Bimetallic palladium catalysts for catalytic combustion of methane
2004 (English)Licentiate thesis, comprehensive summary (Other scientific)
Catalytic combustion is a promising combustion technique in gas turbines, which results in ultra low levels of NOx, CO and unburned hydrocarbons. Due to the low combustion temperature achieved in catalytic combustion almost no thermal NOx is formed. The focus in this thesis will be on the first stage in a catalytic combustion chamber, i.e. the ignition catalyst. The catalyst used for this application is often a supported palladium-based catalyst due to its excellent activity for methane combustion. However, this type of catalyst has a serious drawback; the methane conversion decreases with time during operation. The unstable activity will result in increasing difficulties to ignite the fuel. The objective of the work presented in this thesis has been to improve the catalytic performance of supported palladium catalysts, with focus on stabilizing the methane conversion.
The first part gives a general background to gas turbines and catalytic combustion.
The second part concerns the monometallic palladium catalysts; their behaviour during methane combustion is addressed.

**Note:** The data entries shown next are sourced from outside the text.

Let measurable_N_le_tau_star_event : measurable N_le_tau_star_event.
Proof.
apply: measurable_stopping_event => // i.
have mtau := measurable_tau_star e eps beta delta X i (measurable_X 1).
apply: measurable_ler; last exact: measurable_funM.
exact: measurable_funD (measurableT_comp (measurable_N_at_least e) mtau).
Qed.

Lemma N_le_tau_star_guarantee : ((1 - delta)%:E <= P N_le_tau_star_event)%E.
Proof.
have [m geom_small] : exists m, (1 - delta / 4) ^+ m <= delta / 4.
  apply: exists_expr_le; rewrite ?gtrBl ?divr_gt0 // subr_ge0 ler_pdivrMr // mul1r.
  by rewrite (le_trans (ltW delta_lt1)) // ler1n.
apply: probability_ge_of_bad_event measurable_N_le_tau_star_event
  (measurable_N_le_tau_star_failure m) _ (N_le_tau_star_of_no_failure m).
by apply: le_trans (pr_N_le_tau_star_failure m) _; lra.
Qed.

End noisy_doubling_guarantees.

Theorem mainTheorem5 (R : realType) (d : measure_display) (Omega : measurableType d)
  (P : probability Omega R) (V : finType) (e : rel V)
  (eps beta delta : R) (X : nat -> Omega -> R) :
  simple_graph e -> (exists x y, e x y) ->
  0 < eps -> 0 < beta < 1 -> 0 < delta < 1 ->
  is_laplace P (4 / eps) (X 0%N) ->
  is_laplace P (2 / eps) (X 1%N) ->
  (forall i, is_laplace P (4 / eps) (X i.+2)) ->
  mutually_independent P X ->
  ((1 - beta)%:E <= P [set w | exists i, stops_at e eps beta X i w /\
      (tau_star e eps beta delta X i w <=
        2 * (maxdeg e)%:R + (8 / eps) * ln (log2 (4 * (maxdeg e)%:R))
        + (16 / eps) * ln (4 / beta)
        + (4 / eps) * ln (Num.max (delta^-1) (2 / beta)) + 1 /\
      (N_at_least e (tau_star e eps beta delta X i w))%:R <=
        (8 / eps) * ln (log2 (4 * (maxdeg e)%:R)) + (16 / eps) * ln (4 / beta))%R]
   /\
   (1 - delta)%:E <= P [set w | exists i, stops_at e eps beta X i w /\
      (tau_star e eps beta delta X i w
        + (N_at_least e (tau_star e eps beta delta X i w))%:R
      <= 2 * tau_star e eps beta delta X i w)%R])%E.
Proof.
move=> _ has_edge eps_gt0 /andP[beta_gt0 beta_lt1] /andP[delta_gt0 delta_lt1].
move=> lapX0 lapX1 lapX2 indepX; split.
- exact: accuracy_guarantee.
- exact: N_le_tau_star_guarantee.
Qed.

The third part describes different bimetallic catalysts, which all have palladium as one of the active components. Results from the activity tests of methane combustion showed that it is possible to stabilize the activity by adding certain co-metals into the palladium catalyst. The morphology of the various bimetallic catalysts has been studied to gain a better understanding of the various combustion behaviours.
Finally, the influence of pressure on the catalytic performance is evaluated. The catalysts were tested under more realistic conditions for gas turbines, with elevated pressure, in a high-pressure test facility with a 100 kW fuel power.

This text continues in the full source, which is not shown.